Appendix G. Installing and Configuring Tripwire

Tripwire v2.3 software ensures the integrity of critical system files and directories by identifying all changes made to specified system files and directories. Configure Tripwire software to monitor your system in the way that is best for you.

Tripwire software works by comparing files and directories against a baseline. It generates the baseline by taking a snapshot of specified files and directories in a known secure state. Tripwire software then compares the current system against the baseline and reports any modifications, additions, or deletions. Use Tripwire software for system security, intrusion detection, damage assessment, and recovery forensics.

While it is recommended that Tripwire be selected and installed during the Red Hat Linux 7.0 installation process, it is possible to install it after your Red Hat Linux system has been installed. The following steps outline this process:

  1. Locate the RedHat/RPMS directory on the Red Hat Linux 7.0 CD-ROM.
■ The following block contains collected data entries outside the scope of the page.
Lemma mp_iso_colouring {A B : mpole} {fV : mV A -> mV B} {fD : mD A -> mD B}
    {phi : mD B -> colr} :
  mp_iso A B fV fD -> colouring B phi -> colouring A (phi \o fD).
Proof.
case=> _ [fD_bij [fDv [fDm fDg]]]; apply: colouring_pullback => // [|d x xd].
  exact: bij_inj.
by rewrite fDv xd.
Qed.

Lemma mp_iso_sym {A B : mpole} {fV : mV A -> mV B} {fD : mD A -> mD B} :
  mp_iso A B fV fD -> exists gV gD, cancel fD gD /\ mp_iso B A gV gD.
Proof.
case=> [[gV fVK gVK] [[gD fDK gDK] [fDv [fDm fDg]]]].
exists gV, gD; split=> //.
split; first exact: (Bijective gVK fVK).
split; first exact: (Bijective gDK fDK).
split.
  by move=> d; rewrite -[in RHS](gDK d) fDv omap_comp; case: (mvtx A _) => //= x; rewrite fVK.
by split=> d; apply: (can_inj fDK); rewrite -?fDm -?fDg !gDK.
Qed.

(* Among the pairs {d, f d} keep the member of smaller rank: both halves of the
   sum agree, and a + a = 0. *)
Lemma colr_sum_involution (T : finType) (A : pred T) (f : T -> T) (phi : T -> colr) :
  involutive f -> (forall d, A d -> f d != d) -> (forall d, A d -> A (f d)) ->
  (forall d, phi (f d) = phi d) -> \sum_(d | A d) phi d = 0.
Proof.
move=> fK f_free fA phif.
have Af d : A (f d) = A d by apply/idP/idP => /fA; rewrite ?fK.
pose lo d := (enum_rank d < enum_rank (f d))%N.
rewrite (bigID lo) /=; set S := \sum_(d | A d && lo d) phi d.
suff -> : \sum_(d | A d && ~~ lo d) phi d = S by rewrite colr_addrr.
rewrite (reindex_inj (inv_inj fK)) /=; apply: eq_big => [d|d _]; last exact: phif.
rewrite Af /lo fK; case Ad: (A d) => //=.
have ne : (enum_rank d : nat) != enum_rank (f d).
  by rewrite val_eqE (inj_eq enum_rank_inj) eq_sym f_free.
by rewrite -leqNgt leq_eqVlt (negPf ne).
Qed.

Lemma colouring_vertex_sum {M : mpole} {phi : mD M -> colr} (x : mV M) :
  is_multipole M -> colouring M phi -> \sum_(d | mvtx M d == Some x) phi d = 0.
Proof.
case=> _ [_ [_ [_ cubic]]] phiC.
have phiV := colouring_proper_at x phiC; case: phiC => phiK _.
case: (big_enumP (fun d => mvtx M d == Some x)) => e big_e [uniq_e at_x] [_ size_e].
rewrite -big_e.
have := cubic x; rewrite cardsE -size_e.
case: e uniq_e at_x {big_e size_e} => [|a [|b [|c []]]] //= abc at_x _.
have [xa xb xc] : [/\ mvtx M a = Some x, mvtx M b = Some x & mvtx M c = Some x].
  by split; apply/eqP; rewrite -[_ == _]at_x !inE eqxx ?orbT.
move: abc; rewrite !inE !big_cons big_nil addr0 addrA andbT negb_or.
move=> /andP [/andP [ab ac] bc].
by apply: colr_sum3; rewrite //= !inE negb_or !phiV.
Qed.

Lemma colouring_semiedge_sum {M : mpole} {phi : mD M -> colr} :
  is_multipole M -> colouring M phi -> \sum_(d | semiedge M d) phi d = 0.
Proof.
move=> M_mp phiC; have [mateK [mate_free [glueK [glue_free _]]]] := M_mp.
case: (phiC) => _ [phim [phig _]].
have all_sum : \sum_(d | xpredT d) phi d = 0.
  by apply: (@colr_sum_involution _ xpredT _ _ mateK) => // d _; apply: mate_free.
have bound_sum : \sum_(d | mvtx M d != None) phi d = 0.
  rewrite (partition_big (mvtx M) (fun o => o != None)) //=.
  apply: big1 => -[x|] // _; rewrite -[RHS](colouring_vertex_sum x M_mp phiC).
  by apply: eq_bigl => d /=; case: eqP => // ->.
have glued_sum : \sum_(d | (mvtx M d == None) && (mglue M d != d)) phi d = 0.
  apply: (@colr_sum_involution _ (fun d => (mvtx M d == None) && (mglue M d != d)) _ _ glueK)
    => // d /andP [_ ne] //.
  by rewrite glueK [d == _]eq_sym ne andbT; apply/eqP/glue_free; rewrite glueK eq_sym.
rewrite (bigID (fun d => mvtx M d == None)) /= in all_sum.
rewrite (bigID (fun d => mglue M d == d)) /= in all_sum.
by rewrite bound_sum glued_sum !addr0 in all_sum.
Qed.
  2. Locate the Tripwire binary RPM.

  3. Type rpm -i <name> (where <name> is the name of the Tripwire RPM found in step 2)

  4. After installing the Tripwire binary RPM, follow the post-installation instructions outlined below.

Note

We recommend you read the release notes and README file.
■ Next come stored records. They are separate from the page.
(* f' exists in L_infty[0,1] with ||f'||_infty <= M (Sobolev sense W^{1,infty}):
   df is a measurable function, essentially bounded by M on [0,1], and
   f(x) = f(0) + int_0^x df for every x in [0,1]. *)
Definition Linf_deriv_bound {R : realType} (f df : R -> R) (M : R) : Prop :=
  [/\ measurable_fun (`[0, 1] : set R) df,
      {ae (@lebesgue_measure R), forall x, x \in `[0, 1] -> `|df x| <= M}
    & forall x, 0 <= x <= 1 ->
        f x = f 0 + Rintegral (@lebesgue_measure R) (`[0, x] : set R) df].

(* The left-hand side is the covariance [cov f g] of [f] and [g] under the
   uniform distribution on [0, 1], so by Cauchy-Schwarz it suffices to bound
   the variance [cov f f].  If |f x - f y| <= a + b |x - y| on [0, 1], some
   constant c satisfies |f y - c| <= a/2 + b |y - 1/2|; squaring, bounding the
   cross term by AM-GM and integrating (the mean of (y - 1/2)^2 is 1/12) gives
   cov f f <= ((a + b/sqrt 3)/2)^2.  For continuous f, a supporting line a + b t
   of the concave majorant of omega(f, .) at t = 1/sqrt 3 provides such a and b
   with a + b/sqrt 3 <= omega~(f, 1/sqrt 3); under the derivative bound one can
   take a = 0 and b = ||f'||. *)

From HB Require Import structures.
From mathcomp Require Import all_boot all_order all_algebra.
From mathcomp Require Import all_classical all_reals all_analysis.
From mathcomp Require Import ring lra.
Set Implicit Arguments.
Unset Strict Implicit.
Unset Printing Implicit Defensive.

Import Order.TTheory GRing.Theory Num.Theory.
Import numFieldNormedType.Exports.
Local Open Scope classical_set_scope.
Local Open Scope ring_scope.

Lemma discriminant_le (R : realFieldType) (X Y Z : R) :
  (forall l m, 0 <= l ^+ 2 * X + 2 * l * m * Z + m ^+ 2 * Y) -> Z ^+ 2 <= X * Y.
Proof.
move=> Q; have X0 : 0 <= X.
  by have := Q 1 0; rewrite expr1n expr0n mulr0 mul0r !mul1r addr0 mul0r addr0.
have [X00|Xn0] := eqVneq X 0.
  by have := Q (- (Y + 1)) (2 * Z); rewrite X00 mulr0 add0r; nra.
have Xgt0 : 0 < X by rewrite lt0r Xn0 X0.
have : 0 <= X * (X * Y - Z ^+ 2).
  by apply: le_trans (Q Z (- X)) _; rewrite le_eqVlt; apply/orP; left; apply/eqP; ring.
by rewrite pmulr_rge0 // subr_ge0.
Qed.

Lemma le_quarter_add_sqr_div (R : realFieldType) (s t : R) :
  0 < s -> t <= s / 4 + t ^+ 2 / s.
Proof.
move=> s0; rewrite -subr_ge0.
have -> : s / 4 + t ^+ 2 / s - t = (t - s / 2) ^+ 2 / s by field; rewrite lt0r_neq0.
by rewrite divr_ge0 ?sqr_ge0 // ltW.
Qed.

Section InvSqrt3.
Variable R : rcfType.
Local Notation s := ((Num.sqrt 3)^-1 : R).

Lemma inv_sqrt3_gt0 : 0 < s.
Proof. by rewrite invr_gt0 sqrtr_gt0. Qed.

Lemma sqr_inv_sqrt3 : s ^+ 2 = 3^-1.
Proof. by rewrite exprVn sqr_sqrtr. Qed.

Lemma inv_sqrt3_lt1 : s < 1.
Proof. by have := sqr_inv_sqrt3; have := inv_sqrt3_gt0; nra. Qed.

(* [s = 1 / sqrt 3] minimizes [s / 4 + 1 / (12 s)], making the bound a square. *)
Lemma inv_sqrt3_bound_sqr (a b : R) :
  a ^+ 2 / 4 + a * b * (s / 4 + (12 * s)^-1) + b ^+ 2 / 12 = ((a + b * s) / 2) ^+ 2.
Proof.
have s0 : s != 0 by rewrite lt0r_neq0 ?inv_sqrt3_gt0.
apply/eqP; rewrite -subr_eq0; apply/eqP.
transitivity (b * (a + b * s) * (1 - 3 * s ^+ 2) / (12 * s)); first by field.
by rewrite sqr_inv_sqrt3 mulfV ?subrr ?mulr0 ?mul0r.
Qed.

End InvSqrt3.

(* Right chord slopes at [t] are bounded by left ones; any slope in between works. *)
Lemma supporting_line (R : realType) (phi : R -> R) (t K : R) : 0 < t < 1 ->
  (forall x, 0 <= x <= t -> phi x <= K) ->
  (forall x y, 0 <= x < t -> t < y <= 1 ->
     (t - x) * phi y + (y - t) * phi x <= K * (y - x)) ->
  exists2 b, 0 <= b & forall s, 0 <= s <= 1 -> phi s <= K + b * (s - t).
Proof.
move=> /andP[t0 t1] phiK chord.
have slope x y : 0 <= x < t -> t < y <= 1 -> (phi y - K) / (y - t) <= (K - phi x) / (t - x).
  move=> /andP[x0 xt] /andP[ty y1].
  rewrite ler_pdivrMr ?subr_gt0 // mulrAC ler_pdivlMr ?subr_gt0 //.
  by have := chord x y; rewrite x0 xt ty y1 => /(_ isT isT); nra.
pose A := [set (phi y - K) / (y - t) | y in `]t, 1]].
have A_ub x : 0 <= x < t -> ubound A ((K - phi x) / (t - x)).
  by move=> hx _ [y + <-]; rewrite /= in_itv /=; exact: slope.
have A_nonempty : A !=set0.
  by exists ((phi 1 - K) / (1 - t)), 1; rewrite //= in_itv /= t1 lexx.
exists (Num.max 0 (sup A)); first by rewrite le_max lexx.
move=> s /andP[s0 s1]; case: (ltgtP s t) => [st|ts|->].
- have : Num.max 0 (sup A) <= (K - phi s) / (t - s).
    rewrite ge_max divr_ge0 ?subr_ge0 ?phiK ?s0 ?(ltW st) //=.
    by apply: ge_sup => //; apply: A_ub; rewrite s0 st.
  by rewrite ler_pdivlMr ?subr_gt0 //; nra.
- have : (phi s - K) / (s - t) <= Num.max 0 (sup A).
    rewrite le_max; apply/orP; right; apply: ub_le_sup.
      by exists ((K - phi 0) / (t - 0)); apply: A_ub; rewrite lexx t0.
    by exists s; rewrite //= in_itv /= ts s1.
  by rewrite ler_pdivrMr ?subr_gt0 //; nra.
- by rewrite subrr mulr0 addr0 phiK ?lexx ?(ltW t0).
Qed.

Local Notation C01 f := {within `[0, 1%R], continuous f}.

Section ContinuityOnUnitInterval.
Variable R : realType.

Lemma cont01D (f g : R -> R) : C01 f -> C01 g -> C01 (fun x => f x + g x).
Proof. by move=> cf cg x; apply: continuousD; [exact: cf|exact: cg]. Qed.

Lemma cont01M (f g : R -> R) : C01 f -> C01 g -> C01 (fun x => f x * g x).
Proof. by move=> cf cg x; apply: continuousM; [exact: cf|exact: cg]. Qed.

Lemma cont01_cst (c : R) : C01 (fun _ : R => c).
Proof. by apply: continuous_subspaceT => x; exact: cst_continuous. Qed.

Lemma cont01_id : C01 (fun x : R => x).
Proof. by apply: continuous_subspaceT => x; exact: cvg_id. Qed.

Lemma cont01X (f : R -> R) (n : nat) : C01 f -> C01 (fun x => f x ^+ n).
Proof.
move=> cf; elim: n => [|n IH]; first exact: cont01_cst.
have -> : (fun x => f x ^+ n.+1) = (fun x => f x * f x ^+ n).
  by apply: funext => x; rewrite exprS.
exact: cont01M.
Qed.

End ContinuityOnUnitInterval.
Post-Installation Instructions

The Tripwire binary RPM installs the basic program files needed to run the software. However, this installation does not complete custom configurations that Tripwire 2.3 needs to perform correctly. After you unpack the RPM, you must:

  1. Run the configuration script /etc/tripwire/twinstall.sh to sign these files. This script walks you through the processes of setting passphrases and signing the Tripwire policy and configuration files.

    NotePlease Note
     

    Once encoded and signed, the configuration file should not be renamed or moved.

  2. Initialize the Tripwire database file. (/usr/sbin/tripwire--init)

  3. Run the first integrity check. (/usr/sbin/tripwire--check)

  4. Edit the configuration file (twcfg.txt) with a text editor, if desired.

  5. Edit the policy file (twpol.txt) with a text editor, if desired.

    NotePlease Note
     

    If you plan to modify the policy file, we recommend you do so before running the configuration script. If you modify the policy file after running the configuration script, you must re-run the configuration file before initializing the database file.